Seus olhos tristes e lacônicos quedavam pousados numa linha reta e imobilizados, mirando a vaga linha de seu destino. Contudo, paradoxalmente, apesar de tudo, aquele colega conseguia me transferir um tom de felicidade àquele momento especial, quando de nosso primeiro contato.  

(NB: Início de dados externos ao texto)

Definition almost_daugavet : Prop :=
  exists Y : set (X -> R), dual_subspace Y /\ norming Y /\ daugavet_wrt Y.

Definition wslice (x : X) (alpha : R) : set (X -> R) :=
  [set f | dual_ball f /\ f x > 1 - alpha].

Definition conv_slices (n : nat) (lam : 'I_n -> R) (x : 'I_n -> X)
    (alpha : 'I_n -> R) : set (X -> R) :=
  [set f | exists fs : 'I_n -> X -> R,
      (forall i, wslice (x i) (alpha i) (fs i)) /\
      f = (fun z => \sum_(i < n) lam i * fs i z)].

Definition dual_diam (C : set (X -> R)) : R :=
  sup [set dnorm (fun z => f z - g z) | f in C & g in C].

End Dual.

From HB Require Import structures.
From mathcomp Require Import all_boot all_order all_algebra.
From mathcomp Require Import all_classical all_reals all_analysis.
From mathcomp Require Import lra.
Import Order.TTheory GRing.Theory Num.Theory.
Import numFieldNormedType.Exports.
Local Open Scope classical_set_scope.
Local Open Scope ring_scope.
Set Implicit Arguments. Unset Strict Implicit.

(* For a
   unit vector w and a functional h in Y, the equality ||I + h (x) w|| = 2 ||h||
   yields points z of B_X almost maximising h with ||w + z|| close to 2; norming
   w + z by some g in Y, the slice of B_X cut by h + g lies in the old slice and
   consists of points v with ||w + v|| close to 2.  Iterating over the vectors
   +-x_i gives u in B_X with ||x_i + u|| and ||x_i - u|| close to 2 for all i.
   Norming x_i + u and x_i - u by elements of Y produces f_i and g_i in the
   slices S(B_X*, x_i, alpha_i) with f_i(u) close to 1 and g_i(u) close to -1,
   so the combinations sum lam_i f_i and sum lam_i g_i differ by almost 2 at u. *)

Section DualNorm.
Variables (R : realType) (X : normedModType R).
Implicit Types (f h : X -> R) (x w : X).

Lemma lfun0 f : is_linear_functional f -> f 0 = 0.
Proof. by move=> L; have := L 1 0 0; rewrite scale1r addr0 mul1r; lra. Qed.

Lemma lfunD f x y : is_linear_functional f -> f (x + y) = f x + f y.
Proof. by move=> L; rewrite -[x in LHS]scale1r L mul1r. Qed.

Lemma lfunZ f a x : is_linear_functional f -> f (a *: x) = a * f x.
Proof. by move=> L; have := L a x 0; rewrite lfun0 // !addr0. Qed.

Lemma lfunN f x : is_linear_functional f -> f (- x) = - f x.
Proof. by move=> L; rewrite -scaleN1r lfunZ // mulN1r. Qed.

Lemma unit_ballX0 : @unit_ballX R X 0.
Proof. by rewrite /unit_ballX /= normr0. Qed.

Lemma dnorm_le_ub f M : (forall x, `|x| <= 1 -> `|f x| <= M) -> dnorm f <= M.
Proof.
move=> fM; apply: ge_sup; first by exists `|f 0|, 0 => //; exact: unit_ballX0.
by move=> _ [x xb <-]; exact: fM.
Qed.

Lemma abs_le_dnorm f x : is_bounded_functional f -> `|x| <= 1 -> `|f x| <= dnorm f.
Proof.
case=> C fC xb; apply: sup_upper_bound; last by exists x.
split; first by exists `|f 0|, 0 => //; exact: unit_ballX0.
exists `|C| => _ [z zb <-]; apply: le_trans (fC z) _.
by apply: le_trans (ler_norm _) _; rewrite normrM normr_id ler_piMr.
Qed.

Lemma dnorm_bounded_ge0 f : is_bounded_functional f -> 0 <= dnorm f.
Proof.
move=> B; apply: le_trans (abs_le_dnorm (x := 0) B _) => //; by rewrite normr0.
Qed.

Lemma abs_le_dnormM f x : dual_space f -> `|f x| <= dnorm f * `|x|.
Proof.
case=> L B; have [->|x0] := eqVneq x 0; first by rewrite lfun0 // !normr0 mulr0.
have nx : 0 < `|x| by rewrite normr_gt0.
have := abs_le_dnorm B (x := `|x|^-1 *: x).
rewrite normrZ normfV normr_id mulVf ?gt_eqF // lfunZ // normrM normfV normr_id.
by rewrite ler_pdivrMl // mulrC => /(_ (lexx _)).
Qed.

Lemma dnorm0 : dnorm (fun _ : X => 0) = 0.
Proof.
apply/eqP; rewrite eq_le dnorm_bounded_ge0 ?andbT; last by exists 0 => z; rewrite normr0 mul0r.
by apply: dnorm_le_ub => x _; rewrite normr0.
Qed.

Lemma dnorm_scale_le f a : is_bounded_functional f ->
  dnorm (fun z => a * f z) <= `|a| * dnorm f.
Proof.
by move=> B; apply: dnorm_le_ub => x xb; rewrite normrM ler_wpM2l ?abs_le_dnorm.
Qed.

Lemma dnorm_scale f a : is_bounded_functional f ->
  dnorm (fun z => a * f z) = `|a| * dnorm f.
Proof.
move=> B; apply/eqP; rewrite eq_le dnorm_scale_le //=.
have [->|a0] := eqVneq a 0.
  by rewrite normr0 mul0r dnorm_bounded_ge0 //; exists 0 => z; rewrite mul0r normr0 mul0r.
have Ba : is_bounded_functional (fun z => a * f z).
  by case: B => C BC; exists (`|a| * C) => z; rewrite normrM -mulrA ler_wpM2l.
have := dnorm_scale_le a^-1 Ba.
have -> : (fun z => a^-1 * (a * f z)) = f by apply: funext => z; rewrite mulKf.
by rewrite normfV -ler_pdivlMl ?normr_gt0.
Qed.

Lemma opnorm_rank_one h w : `|w| = 1 -> opnorm (fun z => h z *: w) = dnorm h.
Proof.
by move=> w1; rewrite /opnorm /dnorm; congr sup; congr image; apply: funext => z;
  rewrite normrZ w1 mulr1.
Qed.

End DualNorm.

Section AlmostDaugavet.
Variables (R : realType) (X : normedModType R) (Y : set (X -> R)).
Hypothesis Ysub : dual_subspace Y.
Implicit Types (f g h : X -> R) (u v w x z : X).

Lemma Y_dual f : Y f -> dual_space f.
Proof. by case: Ysub => sY _; exact: sY. Qed.

Lemma Y_zero : Y (fun _ => 0).
Proof. by case: Ysub => _ []. Qed.

Lemma Y_comb a f g : Y f -> Y g -> Y (fun z => a * f z + g z).
Proof. by case: Ysub => _ [_]; exact. Qed.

Era doído ver aquele ser amado, principalmente quando eu soube que um dia brincou, curtiu, estudou e trabalhou, fez o que podia e não podia e, num dia escolhido pela sorte, fazendo farra com os amigos no carnaval, cheirou lança-perfume, tonteou, teve uma parada cardíaca e pof...! caiu de cabeça no meio fio e fraturou o crânio, afetando total e permanentemente seu encéfalo e tudo que daí dependia. 
A piorar, a prestação de socorro demorou a chegar, juntamente com a necessária oxigenação no cérebro, transmutando um ser do reino animal a um do reino vegetal, totalmente imóvel e sem reação a grandes estímulos.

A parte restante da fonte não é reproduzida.